Consuelo, décidée à éluder ses questions jusqu’à ce qu’elle vît à quel point elle pouvait se fier à lui, prit le parti de répondre à une interrogation par une autre.

Est-ce que vous êtes de Pilsen? lui demanda-t-elle.

– Non, répondit l’enfant qui n’avait aucun instinct ni aucun motif de méfiance; je suis de Rohrau en Hongrie; mon père y est charron de son métier.

– Et comment voyagez-vous si loin de chez vous? Vous ne suivez donc pas l’état de votre père?

– Oui et non. Mon père est charron, et je ne le suis pas; mais il est en même temps musicien, et j’aspire à l’être.

– Musicien? Bravo! c’est un bel état!

– C’est peut-être le vôtre aussi?

– Vous n’alliez pourtant pas étudier la musique à Pilsen, qu’on dit être une triste ville de guerre?

– Oh, non! J’ai été chargé d’une commission pour cet endroit-là, et je m’en retourne à Vienne pour tâcher d’y gagner ma vie, tout en continuant mes études musicales.

– Quelle partie avez-vous embrassée? la musique vocale ou instrumentale?

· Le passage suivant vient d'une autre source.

(* Let $p,q\geq 5$ be two distinct primes. Then there is no $(p+q)\times(p+q)$ circulant complex Hadamard matrix all of whose entries are $pq$-th roots of unity, i.e. $C^{circ}_{p+q}(pq)=\emptyset$.
   Context: A complex Hadamard matrix of order $n$ is a matrix $H\in M_n(\mathbb C)$ with $|H_{ij}|=1$ for all $i,j$ and pairwise orthogonal rows. A matrix $H=(H_{ij})_{i,j=0}^{n-1}$ is circulant if $H_{ij}$ depends only on $j-i$ modulo $n$. $C^{circ}_n(l)$ denotes the set of $n\times n$ circulant complex Hadamard matrices whose entries are all $l$-th roots of unity. *)

(* complex numbers modelled by algC (algebraic complex numbers);
   roots of unity are algebraic, so every matrix in C^circ_n(l) has algC entries. *)
From HB Require Import structures.
From mathcomp Require Import all_boot all_order all_algebra all_field.
Set Implicit Arguments. Unset Strict Implicit. Unset Printing Implicit Defensive.
Import Order.TTheory GRing.Theory Num.Theory.
Local Open Scope ring_scope.

Definition complex_hadamard (n : nat) (H : 'M[algC]_n) : Prop :=
  (forall i j, `|H i j| = 1) /\
  (forall i j : 'I_n, i != j -> \sum_(k < n) H i k * (H j k)^* = 0).

Definition circulant (n : nat) (H : 'M[algC]_n) : Prop :=
  forall i j i' j' : 'I_n,
    ((j + (n - i)) %% n = (j' + (n - i')) %% n)%N -> H i j = H i' j'.

Definition entries_roots_of_unity (l n : nat) (H : 'M[algC]_n) : Prop :=
  forall i j, (H i j) ^+ l = 1.

Definition Ccirc (n l : nat) (H : 'M[algC]_n) : Prop :=
  complex_hadamard H /\ circulant H /\ entries_roots_of_unity l H.

From HB Require Import structures.
From mathcomp Require Import all_boot all_order all_algebra all_field.
From mathcomp Require Import zify ring.

(* Let z be a primitive pq-th root of unity; every entry of H in
   C^circ_(p+q)(pq) is a power z^(G i k).  For two distinct rows i, j,
   orthogonality says that the p + q roots z^(G i k - G j k) sum to zero, and
   circulance makes all row products equal, so the exponent sums of the rows
   agree modulo pq.  Such a vanishing sum is very rigid
   (vanishing_sum_structure): conjugating it by the Galois automorphisms
   z |-> z^(rq + tp) and summing yields, for every residue x,
     p #{e = x mod p} + q #{e = x mod q} = (p + q) + pq #{e = x mod pq},
   whence every residue class modulo p has size 1 mod q; as the exponent sum
   is 0 mod p, the class of 0 has q + 1 elements and the others one, and
   symmetrically for q.  So each exponent difference is divisible by p or by
   q, but neither prime divides all of them.  Finally every entry of a
   circulant matrix occurs in column 0, so r |-> (G r 0 mod p, G r 0 mod q)
   maps distinct rows to pairs sharing a coordinate while neither coordinate
   is constant, which is impossible (pairs_sharing_coordinate). *)

Set Implicit Arguments.
Unset Strict Implicit.
Unset Printing Implicit Defensive.

Import Order.TTheory GRing.Theory Num.Theory.
Local Open Scope ring_scope.

Lemma eqn_modMl_coprime a m n d : coprime a d ->
  (a * m == a * n %[mod d])%N = (m == n %[mod d])%N.
Proof.
move=> co_ad; wlog le_nm : m n / (n <= m)%N.
  move=> W; case: (leqP n m) => [/W //|/ltnW /W].
  by rewrite eq_sym [in RHS]eq_sym.
rewrite !eqn_mod_dvd ?leq_mul2l ?le_nm ?orbT // -mulnBr Gauss_dvdr //.
by rewrite coprime_sym.
Qed.

(* Modulo any divisor d of N, adding N.-1 * b amounts to subtracting b. *)
Lemma dvdn_addMpred d N a b : (0 < N)%N -> (d %| N)%N ->
  (d %| a + N.-1 * b)%N = (a == b %[mod d])%N.
Proof.
move=> N_gt0 /dvdnP[c defN]; subst N.
transitivity (a + (c * d).-1 * b + b == 0 + b %[mod d])%N.
  by rewrite eqn_modDr mod0n.
rewrite -addnA -{2}(mul1n b) -mulnDl addn1 prednK //.
by rewrite mulnAC addnC modnMDl.
Qed.

Lemma coprime_addMM p q r t : prime p -> prime q -> p != q ->
  ~~ (p %| r)%N -> ~~ (q %| t)%N -> coprime (r * q + t * p) (p * q).
Proof.
move=> pp pq npq pNr qNt; rewrite coprimeMr !(coprime_sym (_ + _)).
rewrite !prime_coprime // (dvdn_addl _ (dvdn_mull t (dvdnn p))).
rewrite (dvdn_addr _ (dvdn_mull r (dvdnn q))).
by rewrite !Euclid_dvdM // (negbTE pNr) (negbTE qNt) !dvdn_prime2 // [q == p]eq_sym npq.
Qed.

Lemma sum_prim_root_powM (R : idomainType) (w : R) (N m : nat) :
  N.-primitive_root w -> \sum_(i < N) w ^+ (i * m) = if (N %| m)%N then N%:R else 0.
Proof.
move=> pw; under eq_bigr => i _ do rewrite mulnC exprM.
case: ifP => [dvd_Nm | Ndvd_Nm].
  have -> : w ^+ m = 1 by apply/eqP; rewrite -(prim_order_dvd pw).
  by rewrite (eq_bigr (fun _ => 1)) ?sumr_const ?card_ord // => i _; rewrite expr1n.
have wm_neq1 : w ^+ m - 1 != 0 by rewrite subr_eq0 -(prim_order_dvd pw) Ndvd_Nm.
apply: (mulfI wm_neq1); rewrite mulr0.
by rewrite -subrX1 -exprM mulnC exprM (prim_expr_order pw) expr1n subrr.
Qed.

Lemma sum_prim_root_powSM (R : idomainType) (w : R) (N m : nat) :
  N.-primitive_root w ->
  \sum_(i < N.-1) w ^+ (i.+1 * m) = (if (N %| m)%N then N%:R else 0) - 1.
Proof.
move=> pw; rewrite -(sum_prim_root_powM m pw) -(prednK (prim_order_gt0 pw)).
by rewrite big_ord_recl mul0n expr0 addrAC subrr add0r.
Qed.

(* Galois conjugation z |-> z^j (j coprime to N) preserves vanishing sums of
   N-th roots of unity. *)
Lemma vanishing_sum_powM N (z : algC) (I : finType) (e : I -> nat) j :
  N.-primitive_root z -> \sum_k z ^+ e k = 0 -> coprime j N ->
  \sum_k z ^+ (j * e k) = 0.
Proof.
move=> pz sum0 co_jN; have [u uE] := Qn_aut_exists co_jN.
have unity_z k : (z ^+ e k) ^+ N = 1.
  by rewrite -exprM mulnC exprM (prim_expr_order pz) expr1n.
transitivity (u (\sum_k z ^+ e k)); last by rewrite sum0 rmorph0.
by rewrite rmorph_sum; apply: eq_bigr => k _; rewrite uE // -exprM mulnC.
Qed.

Lemma conjC_unity_root N (w : algC) : (0 < N)%N -> w ^+ N = 1 -> w^* = w ^+ N.-1.
Proof.
move=> N_gt0 wN1.
have normw : `|w| = 1.
  by apply/eqP; rewrite -(pexpr_eq1 N_gt0) ?normr_ge0 // -normrX wN1 normr1.
have w_neq0 : w != 0 by rewrite -normr_eq0 normw oner_eq0.
apply: (mulfI w_neq0); rewrite -exprS prednK // wN1.
by rewrite -normCK normw expr1n.
Qed.

Lemma sum_residue_indicator d a (F : nat -> nat) : (0 < d)%N ->
  (\sum_(x < d) (a == x %[mod d]) * F x = F (a %% d))%N.
Proof.
move=> d_gt0; rewrite (bigD1 (Ordinal (ltn_pmod a d_gt0))) //= modn_mod eqxx mul1n.
rewrite big1 ?addn0 // => x neq_x; rewrite (modn_small (ltn_ord x)).
suff /negbTE -> : (a %% d != x)%N by rewrite mul0n.
by apply: contraNneq neq_x => ax; apply/eqP/val_inj/esym.
Qed.

Lemma sizes_one_mod (J : finType) (R : J -> nat) q : (1 < q)%N ->
  (forall x, R x = 1 %[mod q])%N -> (\sum_x R x = #|J| + q)%N ->
  exists x0, forall x, R x = if x == x0 then q.+1 else 1%N.
Proof.
move=> q_gt1 R1 sumR.
have R_def x : R x = (R x %/ q * q + 1)%N.
  by rewrite {1}(divn_eq (R x) q) R1 (modn_small q_gt1).
have /sum_nat_eq1[x0 [_ t_x0 t_other]] : (\sum_x R x %/ q == 1)%N.
  rewrite -(eqn_pmul2r (ltnW q_gt1)) mul1n big_distrl /= -(eqn_add2r #|J|).
  rewrite [(q + _)%N]addnC -sumR -sum1_card -big_split /=.
  by apply/eqP/eq_bigr => x _; rewrite -R_def.
exists x0 => x; rewrite R_def; case: eqP => [-> | /eqP neq_x].
  by rewrite t_x0 mul1n addn1.
by rewrite t_other.
Qed.

(* Let #|I| = p + q with p an odd prime and q a prime different from p.  If
   the exponents e k have sum divisible by p and every residue class modulo p
   has size 1 mod q, then the class of 0 has q + 1 elements and the others one:
   by the previous lemma a single class x0 is large, and comparing
   \sum e k = \sum_x x #{e = x} = x0 q + p (p - 1) / 2 modulo p gives x0 = 0. *)
Lemma residue_class_sizes p q (I : finType) (e : I -> nat) :
  prime p -> prime q -> p != q -> odd p -> #|I| = (p + q)%N ->
  (p %| \sum_k e k)%N -> (forall x, \sum_k (e k == x %[mod p]) = 1 %[mod q])%N ->
  forall y, (\sum_k (e k == y %[mod p]) = if p %| y then q.+1 else 1)%N.
Proof.
move=> pp pq npq odd_p cardI p_dvd_sum count1.
have p_gt0 := prime_gt0 pp.
pose R (x : 'I_p) := (\sum_k (e k == x %[mod p]))%N.
have sumR : (\sum_x R x = #|'I_p| + q)%N.
  rewrite card_ord -cardI -sum1_card exchange_big /=; apply: eq_bigr => k _.
  rewrite -(sum_residue_indicator (e k) (fun _ => 1%N) p_gt0).
  by apply: eq_bigr => x _; rewrite muln1.
have [x0 Rx0] := @sizes_one_mod _ R q (prime_gt1 pq) (fun x => count1 x) sumR.
have weighted : (\sum_(x < p) x * R x = \sum_k e k %% p)%N.
  rewrite /R; under [LHS]eq_bigr => x _ do rewrite big_distrr /=.
  rewrite exchange_big /=; apply: eq_bigr => k _.
  rewrite -[RHS]/(id (e k %% p))%N -(sum_residue_indicator _ _ p_gt0).
  by apply: eq_bigr => x _; rewrite mulnC.
have sum_residues : (\sum_(x < p) x = p * p.-1./2)%N.
  by rewrite -(bin2odd odd_p) -bin2_sum big_mkord.
have x0_eq0 : val x0 = 0%N.
  have : (p %| \sum_(x < p) x * R x)%N by rewrite weighted /dvdn modn_summ.
  have -> : (\sum_(x < p) x * R x = p * p.-1./2 + x0 * q)%N.
    rewrite -sum_residues (bigD1 x0) //= [in RHS](bigD1 x0) //= Rx0 eqxx.
    rewrite (eq_bigr (fun x : 'I_p => x : nat)) => [|x /negbTE neq_x].
      by rewrite mulnS; ring.
    by rewrite Rx0 neq_x muln1.
  rewrite (dvdn_addr _ (dvdn_mulr _ (dvdnn p))) Euclid_dvdM // [(p %| q)%N]dvdn_prime2 //.
  rewrite (negbTE npq) orbF; case: (posnP x0) => // x0_gt0 /(dvdn_leq x0_gt0).
  by rewrite leqNgt ltn_ord.
move=> y; have -> : (\sum_k (e k == y %[mod p]) = R (Ordinal (ltn_pmod y p_gt0)))%N.
  by rewrite /R /= modn_mod.
by rewrite Rx0 -val_eqE /= x0_eq0.
Qed.

Section VanishingSumsOfRootsOfUnity.

Variables (p q : nat) (z : algC).
Hypotheses (pp : prime p) (pq : prime q) (npq : p != q).
Hypothesis pz : (p * q).-primitive_root z.

(* Since z^q and z^p are primitive p-th and q-th roots of unity, the product of
   the two "indicator minus one" functions of p | m and q | m expands into a
   double sum of powers z^(j m), with j = (r+1) q + (t+1) p a unit mod pq. *)
Lemma indicator_product_expansion m :
  ((if (p %| m)%N then p%:R else 0) - 1) * ((if (q %| m)%N then q%:R else 0) - 1)
  = \sum_(r < p.-1) \sum_(t < q.-1) z ^+ ((r.+1 * q + t.+1 * p) * m).
Proof.
have pw : p.-primitive_root (z ^+ q).
  by have := dvdn_prim_root pz (dvdn_mulr q (dvdnn p)); rewrite mulKn ?prime_gt0.
have qw : q.-primitive_root (z ^+ p).
  by have := dvdn_prim_root pz (dvdn_mull p (dvdnn q)); rewrite mulnK ?prime_gt0.
rewrite -(sum_prim_root_powSM m pw) -(sum_prim_root_powSM m qw).
rewrite mulr_suml; apply: eq_bigr => r _; rewrite mulr_sumr; apply: eq_bigr => t _.
by rewrite -!exprM -exprD; congr (_ ^+ _); ring.
Qed.

(* If n powers z^(e k) sum to zero then, for every residue x, counting the
   exponents congruent to x modulo p, modulo q and modulo both gives
     p #{e = x mod p} + q #{e = x mod q} = n + pq #{e = x mod p and mod q}:
   expand the product of indicators with the lemma above (applied to the
   shifted exponents e k - x) and kill every term by Galois conjugation. *)
Lemma residue_count_identity (I : finType) (e : I -> nat) x :
  \sum_k z ^+ e k = 0 ->
  (p * \sum_k (e k == x %[mod p]) + q * \sum_k (e k == x %[mod q])
   = #|I| + p * q * \sum_k ((e k == x %[mod p]) && (e k == x %[mod q])))%N.
Proof.
move=> sum0; pose f k := (e k + (p * q).-1 * x)%N.
have sumf0 : \sum_k z ^+ f k = 0.
  by under eq_bigr do rewrite exprD; rewrite -mulr_suml sum0 mul0r.
have pq_gt0 : (0 < p * q)%N by rewrite muln_gt0 !prime_gt0.
have fp k : (p %| f k)%N = (e k == x %[mod p]).
  by apply: dvdn_addMpred => //; apply: dvdn_mulr.
have fq k : (q %| f k)%N = (e k == x %[mod q]).
  by apply: dvdn_addMpred => //; apply: dvdn_mull.
have expansion0 : \sum_k ((if (e k == x %[mod p]) then p%:R else 0) - 1) *
                         ((if (e k == x %[mod q]) then q%:R else 0) - 1) = 0 :> algC.
  under eq_bigr => k _ do rewrite -fp -fq indicator_product_expansion.
  rewrite exchange_big big1 // => r _; rewrite exchange_big big1 // => t _.
  apply: (vanishing_sum_powM pz sumf0); apply: coprime_addMM => //.
    by rewrite gtnNdvd // -ltn_predRL.
  by rewrite gtnNdvd // -ltn_predRL.
have term (b c : bool) : ((if b then p%:R else 0) - 1) * ((if c then q%:R else 0) - 1)
    = ((b && c) * (p * q) + 1)%N%:R - (b * p + c * q)%N%:R :> algC.
  by case: b; case: c; rewrite /= ?natrD ?natrM; ring.
move: expansion0; rewrite (eq_bigr _ (fun k _ => term _ _)) sumrB -!natr_sum.
move/eqP; rewrite subr_eq0 eqr_nat => /eqP.
rewrite !big_split /= sum1_card -!big_distrl /= => E.
by rewrite [(p * _)%N]mulnC [(q * _)%N]mulnC -E addnC mulnC.
Qed.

– L’une et l’autre jusqu’à présent. J’ai une assez bonne voix; et tenez, j’ai là un pauvre petit violon sur lequel je me fais comprendre. Mais mon ambition est grande, et je voudrais aller plus loin que tout cela.

– Composer, peut-être?

– Vous l’avez dit. Je n’ai dans la tête que cette maudite composition. Je vais vous montrer que j’ai encore dans mon sac un bon compagnon de voyage; c’est un gros livre que j’ai coupé par morceaux, afin de pouvoir en emporter quelques fragments en courant le pays; et quand je suis fatigué de marcher, je m’assieds dans un coin et j’étudie un peu; cela me repose.

– C’est fort bien vu. Je parie que c’est le Gradus ad Parnassum de Fuchs?

– Précisément. Ah! je vois bien que vous vous y connaissez, et je suis sûr à présent que vous êtes musicienne, vous aussi. Tout à l’heure, pendant que vous dormiez, je vous regardais, et je me disais: Voilà une figure qui n’est pas allemande; c’est une figure méridionale, italienne peut-être; et qui plus est, c’est une figure d’artiste! Aussi vous m’avez fait bien plaisir en me demandant de mon pain; et je vois maintenant que vous avez l’accent étranger, quoique vous parliez l’allemand on ne peut mieux.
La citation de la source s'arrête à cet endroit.